Activity:
Go to the line containing "(exists Yd, mplo_optimal" in the records below and retype from there through the final line, exactly.

Stored data entries:
*** Block opens ***

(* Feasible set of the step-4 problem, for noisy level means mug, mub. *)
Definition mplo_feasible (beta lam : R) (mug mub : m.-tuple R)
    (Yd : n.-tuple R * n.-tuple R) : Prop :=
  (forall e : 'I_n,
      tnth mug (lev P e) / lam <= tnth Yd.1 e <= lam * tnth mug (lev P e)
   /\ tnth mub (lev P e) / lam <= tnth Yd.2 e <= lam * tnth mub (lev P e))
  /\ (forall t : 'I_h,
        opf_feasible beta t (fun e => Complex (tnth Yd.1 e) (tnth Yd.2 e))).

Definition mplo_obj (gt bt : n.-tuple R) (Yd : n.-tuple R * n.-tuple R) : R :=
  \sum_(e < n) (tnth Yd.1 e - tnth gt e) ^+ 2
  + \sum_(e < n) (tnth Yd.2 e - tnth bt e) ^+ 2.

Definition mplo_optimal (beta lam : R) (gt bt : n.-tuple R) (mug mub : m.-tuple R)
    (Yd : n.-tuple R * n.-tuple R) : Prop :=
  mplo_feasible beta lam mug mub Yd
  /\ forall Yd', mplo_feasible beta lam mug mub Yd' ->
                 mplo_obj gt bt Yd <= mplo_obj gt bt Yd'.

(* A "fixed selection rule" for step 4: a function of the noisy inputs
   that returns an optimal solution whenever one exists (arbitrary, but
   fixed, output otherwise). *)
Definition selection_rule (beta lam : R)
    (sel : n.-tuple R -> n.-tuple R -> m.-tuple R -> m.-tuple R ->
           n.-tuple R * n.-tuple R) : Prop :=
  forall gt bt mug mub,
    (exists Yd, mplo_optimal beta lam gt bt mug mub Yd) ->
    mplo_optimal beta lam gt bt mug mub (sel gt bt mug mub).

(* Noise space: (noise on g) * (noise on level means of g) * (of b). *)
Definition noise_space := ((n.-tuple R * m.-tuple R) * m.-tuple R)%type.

*** Block closes ***

Output:
    (exists Yd, mplo_optimal beta lam gt bt mug mub Yd) ->
    mplo_optimal beta lam gt bt mug mub (sel gt bt mug mub).

(* Noise space: (noise on g) * (noise on level means of g) * (of b). *)
Definition noise_space := ((n.-tuple R * m.-tuple R) * m.-tuple R)%type.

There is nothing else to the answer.